Where in the records does the word "Definition" occur? Copy each line in which it does.
==== Given records
(* Let $f:2^V\to\mathbb{Z}_{\ge0}$ be a connectivity function, $W\subseteq V$, and $(C_1,C_2,C_3)$ a minimum $W$-improvement. Then for every set $W'$ such that $W'\subseteq W$ or $W'\subseteq V\setminus W$, and every $i\in\{1,2,3\}$, it holds that $f(W'\cap C_i)\le f(W')$.
   Context: A connectivity function $f:2^V\to\mathbb{Z}_{\ge0}$ ($V$ finite) satisfies $f(\emptyset)=0$, $f(X)=f(V\setminus X)$, and $f(X\cup Y)+f(X\cap Y)\le f(X)+f(Y)$. For $W\subseteq V$, a $W$-improvement is a tripartition $(C_1,C_2,C_3)$ of $V$ (pairwise disjoint, possibly empty, union $V$) with $f(C_i)<f(W)/2$, $f(C_i\cap W)<f(W)$, $f(C_i\cap(V\setminus W))<f(W)$ for each $i$. Its width is $\max_i f(C_i)$, its sum-width is $\sum_i f(C_i)$, and its arity is the number of nonempty $C_i$. A $W$-improvement is minimum if it has minimum width among all $W$-improvements, subject to that minimum arity, and subject to those minimum sum-width. *)

From mathcomp Require Import all_boot.
Set Implicit Arguments. Unset Strict Implicit. Unset Printing Implicit Defensive.

Definition connectivity (V : finType) (f : {set V} -> nat) : Prop :=
  [/\ f set0 = 0,
      forall X, f X = f (~: X)
    & forall X Y, f (X :|: Y) + f (X :&: Y) <= f X + f Y].

Definition tripartition (V : finType) (C : 'I_3 -> {set V}) : Prop :=
  (forall i j, i != j -> [disjoint C i & C j]) /\
  (forall x : V, exists i, x \in C i).

(* f(C_i) < f(W)/2 is encoded as 2 * f(C_i) < f(W) (exact over integers) *)
Definition improvement (V : finType) (f : {set V} -> nat) (W : {set V})
  (C : 'I_3 -> {set V}) : Prop :=
  tripartition C /\
  forall i, [/\ 2 * f (C i) < f W, f (C i :&: W) < f W
              & f (C i :&: ~: W) < f W].

Definition width (V : finType) (f : {set V} -> nat) (C : 'I_3 -> {set V}) :=
  \max_(i < 3) f (C i).
Definition sumwidth (V : finType) (f : {set V} -> nat) (C : 'I_3 -> {set V}) :=
  \sum_(i < 3) f (C i).
Definition arity (V : finType) (C : 'I_3 -> {set V}) :=
  #|[set i : 'I_3 | C i != set0]|.

Definition min_improvement (V : finType) (f : {set V} -> nat) (W : {set V})
  (C : 'I_3 -> {set V}) : Prop :=
  improvement f W C /\
  forall D, improvement f W D ->
    width f C < width f D \/
    (width f C = width f D /\
      (arity C < arity D \/
       (arity C = arity D /\ sumwidth f C <= sumwidth f D))).

(* Suppose W' ⊆ W but f(W' ∩ C_i) > f(W').  Among the sets Y with
   C_i ⊆ Y ⊆ C_i ∪ W' pick one of minimum connectivity; by submodularity
   f(Y) ≤ f(C_i ∪ W') < f(C_i).  Replacing C_i by Y and every other part C_k
   by C_k \ Y yields another tripartition, and the minimality of Y, through
   submodularity and symmetry, shows that no relevant value of f increases.
   This is again a W-improvement, of no larger width or arity and of strictly
   smaller sum-width: a contradiction.  The case W' ⊆ V \ W is the same with
   W replaced by its complement, which has the same W-improvements. *)

From mathcomp Require Import all_boot.
From mathcomp Require Import zify.

Set Implicit Arguments.
Unset Strict Implicit.
Unset Printing Implicit Defensive.

Section Uncrossing.
Variables (V : finType) (f : {set V} -> nat).
Hypothesis f_conn : connectivity f.

Lemma connectivity_set0 : f set0 = 0.
Proof. by case: f_conn. Qed.

Lemma connectivity_setC X : f (~: X) = f X.
Proof. by case: f_conn => _ fC _; rewrite -fC. Qed.

Lemma connectivity_submod X Y : f (X :|: Y) + f (X :&: Y) <= f X + f Y.
Proof. by case: f_conn. Qed.

Variables A B Y : {set V}.
Hypotheses (sAY : A \subset Y) (sYB : Y \subset B).
Hypothesis Y_min : forall Z : {set V}, A \subset Z -> Z \subset B -> f Y <= f Z.

Lemma min_interval_setI (Z : {set V}) : Z \subset B -> f (Y :&: Z) <= f Z.
Proof.
move=> sZB; have := connectivity_submod Y Z.
have : f Y <= f (Y :|: Z).
  by apply: Y_min; rewrite ?subUset ?sYB ?sZB // (subset_trans sAY) ?subsetUl.
lia.
Qed.

Lemma min_interval_setD (S : {set V}) : [disjoint S & A] -> f (S :\: Y) <= f S.
Proof.
(* Y :\: S is in the interval; uncross it with S through complements. *)
move=> dSA; have := connectivity_submod S (~: Y).
have -> : S :|: ~: Y = ~: (Y :\: S) by rewrite setCD setUC.
rewrite -setDE !connectivity_setC.
have : f Y <= f (Y :\: S).
  apply: Y_min; last exact: subset_trans (subsetDl _ _) sYB.
  by rewrite subsetD sAY disjoint_sym.
lia.
Qed.

End Uncrossing.

Definition absorb (V : finType) (C : 'I_3 -> {set V}) (i : 'I_3) (Y : {set V})
  (k : 'I_3) : {set V} :=
  if k == i then Y else C k :\: Y.

Lemma absorb_at (V : finType) (C : 'I_3 -> {set V}) (i : 'I_3) (Y : {set V}) :
  absorb C i Y i = Y.
Proof. by rewrite /absorb eqxx. Qed.

Lemma tripartition_absorb (V : finType) (C : 'I_3 -> {set V}) (i : 'I_3)
  (Y : {set V}) :
  tripartition C -> C i \subset Y -> tripartition (absorb C i Y).
Proof.
rewrite /absorb => -[disjC covC] sCY; split.
  move=> j k jk; rewrite -setI_eq0.
  case: (eqVneq j i) => [ji|_]; case: (eqVneq k i) => [ki|_].
  - by rewrite ji ki eqxx in jk.
  - by rewrite setIDA setD_eq0 subsetIl.
  - by rewrite setIDAC setD_eq0 subsetIr.
  - by rewrite -setDIl setD_eq0 (disjoint_setI0 (disjC j k jk)) sub0set.
move=> x; case xY: (x \in Y); first by exists i; rewrite eqxx.
have [k xCk] := covC x; exists k; case: eqVneq => [ki|_].
  by rewrite ki in xCk; rewrite (subsetP sCY x xCk) in xY.
by rewrite inE xY xCk.
Qed.

Section PartwiseComparison.
Variables (V : finType) (f : {set V} -> nat) (C D : 'I_3 -> {set V}).
Hypothesis f_DC : forall k, f (D k) <= f (C k).

Lemma width_le : width f D <= width f C.
Proof.
by apply/bigmax_leqP => k _; apply: leq_trans (f_DC k) (leq_bigmax k).
Qed.

Lemma sumwidth_lt i : f (D i) < f (C i) -> sumwidth f D < sumwidth f C.
Proof.
move=> f_DCi; rewrite /sumwidth (bigD1 i) // [X in _ < X](bigD1 i) //=.
by rewrite -addSn leq_add // leq_sum.
Qed.

Lemma improvement_le W :
  tripartition D ->
  (forall k, f (D k :&: W) <= f (C k :&: W)) ->
  (forall k, f (D k :&: ~: W) <= f (C k :&: ~: W)) ->
  improvement f W C -> improvement f W D.
Proof.
move=> tD f_DCW f_DCnW [_ HC]; split=> // k.
have := f_DC k; have := f_DCW k; have := f_DCnW k.
by case: (HC k) => *; split; lia.
Qed.

End PartwiseComparison.

Lemma arity_le (V : finType) (C D : 'I_3 -> {set V}) :
  (forall k, D k != set0 -> C k != set0) -> arity D <= arity C.
Proof.
by move=> DC; apply/subset_leq_card/subsetP => k; rewrite !inE; apply: DC.
Qed.

Lemma arity_absorb (V : finType) (C : 'I_3 -> {set V}) (i : 'I_3)
  (Y : {set V}) :
  C i != set0 -> arity (absorb C i Y) <= arity C.
Proof.
move=> Ci_neq0; apply: arity_le => k; rewrite /absorb.
case: (eqVneq k i) => [-> _ //|_].
by apply: contra_neq => ->; apply: set0D.
Qed.

Lemma min_improvement_sumwidth (V : finType) (f : {set V} -> nat) W C D :
  min_improvement f W C -> improvement f W D ->
  width f D <= width f C -> arity D <= arity C -> sumwidth f C <= sumwidth f D.
Proof. by case=> _ minC /minC; lia. Qed.

Lemma improvement_setC (V : finType) (f : {set V} -> nat) W C :
  connectivity f -> improvement f (~: W) C <-> improvement f W C.
Proof.
move=> f_conn; suff imp X : improvement f (~: X) C -> improvement f X C.
  by split; [apply: imp | rewrite -{1}(setCK W); apply: imp].
case=> tC HC; split=> // k.
by have := HC k; rewrite setCK connectivity_setC // => -[].
Qed.

Lemma min_improvement_setC (V : finType) (f : {set V} -> nat) W C :
  connectivity f -> min_improvement f W C -> min_improvement f (~: W) C.
Proof.
move=> f_conn [impC minC].
by split=> [|D]; rewrite improvement_setC //; apply: minC.
Qed.

Section MinimalAbsorption.
Variables (V : finType) (f : {set V} -> nat) (W W' Y : {set V}).
Variables (C : 'I_3 -> {set V}) (i : 'I_3).
Hypotheses (f_conn : connectivity f) (tC : tripartition C).
Hypothesis sW'W : W' \subset W.
Hypotheses (sCY : C i \subset Y) (sYU : Y \subset C i :|: W').
Hypothesis Y_min :
  forall Z : {set V}, C i \subset Z -> Z \subset C i :|: W' -> f Y <= f Z.
Hypothesis f_W'C : f W' < f (W' :&: C i).

Let D := absorb C i Y.

Lemma absorb_min_lt : f Y < f (C i).
Proof.
have := Y_min (subsetUl _ _) (subxx _).
by have := connectivity_submod f_conn (C i) W'; rewrite setIC; lia.
Qed.

Lemma absorb_min_setI : f (Y :&: W) <= f (C i :&: W).
Proof.
(* Uncross Y with Z := (C_i ∩ W) ∪ W', which lies in the interval and has
   f(Z) < f(C_i ∩ W) by submodularity, as f(W' ∩ C_i) > f(W'). *)
have -> : Y :&: W = Y :&: (C i :&: W :|: W').
  apply/setP=> x; rewrite !inE; case xY: (x \in Y) => //=.
  move: (subsetP sYU x xY) (subsetP sW'W x); rewrite inE.
  by case: (x \in C i); case: (x \in W'); case: (x \in W) => // _ /(_ isT).
have sZU : C i :&: W :|: W' \subset C i :|: W' by rewrite setSU ?subsetIl.
have := min_interval_setI f_conn sCY sYU Y_min sZU.
have := connectivity_submod f_conn (C i :&: W) W'.
by rewrite -setIA (setIidPr sW'W) (setIC (C i) W'); lia.
Qed.

Lemma absorb_min_setIC : Y :&: ~: W = C i :&: ~: W.
Proof.
apply/eqP; rewrite eqEsubset (setSI _ sCY) andbT; apply/subsetP => x.
rewrite !inE => /andP[/(subsetP sYU) /setUP[-> -> //|xW']].
by rewrite (subsetP sW'W x xW').
Qed.

Lemma absorb_min_le_off (k : 'I_3) (X : {set V}) :
  k != i -> f (D k :&: X) <= f (C k :&: X).
Proof.
have [disjC _] := tC.
move=> ki; rewrite /D /absorb (negbTE ki) setIDAC.
apply: (min_interval_setD f_conn sCY sYU Y_min).
exact: disjointWl (subsetIl _ _) (disjC k i ki).
Qed.

Lemma absorb_min_le k : f (D k) <= f (C k).
Proof.
case: (eqVneq k i) => [->|ki]; first
  by rewrite /D absorb_at ltnW ?absorb_min_lt.
by rewrite -(setIT (D k)) -(setIT (C k)) absorb_min_le_off.
Qed.

Lemma improvement_absorb_min : improvement f W C -> improvement f W D.
Proof.
apply: (improvement_le absorb_min_le); first exact: tripartition_absorb.
  move=> k; case: (eqVneq k i) => [->|/absorb_min_le_off //].
  by rewrite /D absorb_at absorb_min_setI.
move=> k; case: (eqVneq k i) => [->|/absorb_min_le_off //].
by rewrite /D absorb_at absorb_min_setIC.
Qed.

Lemma absorb_min_not_min_improvement : ~ min_improvement f W C.
Proof.
move=> minC; have Ci_neq0 : C i != set0.
  by apply: contraTneq f_W'C => ->; rewrite setI0 connectivity_set0.
have := min_improvement_sumwidth minC (improvement_absorb_min minC.1)
  (width_le absorb_min_le) (arity_absorb Y Ci_neq0).
have f_Di : f (D i) < f (C i) by rewrite /D absorb_at absorb_min_lt.
by have := sumwidth_lt absorb_min_le f_Di; lia.
Qed.

End MinimalAbsorption.

Lemma min_improvement_subset (V : finType) (f : {set V} -> nat) W C
  (W' : {set V}) (i : 'I_3) :
  connectivity f -> min_improvement f W C -> W' \subset W ->
  f (W' :&: C i) <= f W'.
Proof.
move=> f_conn minC sW'W; have [[tC _] _] := minC.
rewrite leqNgt; apply/negP => f_W'C.
pose P (Y : {set V}) := (C i \subset Y) && (Y \subset C i :|: W').
have P_Ci : P (C i) by rewrite /P subxx subsetUl.
have [Y /andP[sCY sYU] Y_min] := arg_minnP f P_Ci.
have {}Y_min (Z : {set V}) :
    C i \subset Z -> Z \subset C i :|: W' -> f Y <= f Z.
  by move=> sCZ sZU; apply: Y_min; rewrite /P sCZ.
exact: absorb_min_not_min_improvement f_conn tC sW'W sCY sYU Y_min f_W'C minC.
Qed.

Theorem lemma2 (V : finType) (f : {set V} -> nat) (W : {set V})
  (C : 'I_3 -> {set V}) :
  connectivity f -> min_improvement f W C ->
  forall W' : {set V}, (W' \subset W \/ W' \subset ~: W) ->
  forall i : 'I_3, f (W' :&: C i) <= f W'.
Proof.
move=> f_conn minC W' [sW'W | sW'nW] i.
  exact: min_improvement_subset minC sW'W.
exact: min_improvement_subset (min_improvement_setC f_conn minC) sW'nW.
Qed.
========
§ Response to this exercise:
Definition connectivity (V : finType) (f : {set V} -> nat) : Prop :=
Definition tripartition (V : finType) (C : 'I_3 -> {set V}) : Prop :=
Definition improvement (V : finType) (f : {set V} -> nat) (W : {set V})
Definition width (V : finType) (f : {set V} -> nat) (C : 'I_3 -> {set V}) :=
Definition sumwidth (V : finType) (f : {set V} -> nat) (C : 'I_3 -> {set V}) :=
Definition arity (V : finType) (C : 'I_3 -> {set V}) :=
Definition min_improvement (V : finType) (f : {set V} -> nat) (W : {set V})
Definition absorb (V : finType) (C : 'I_3 -> {set V}) (i : 'I_3) (Y : {set V})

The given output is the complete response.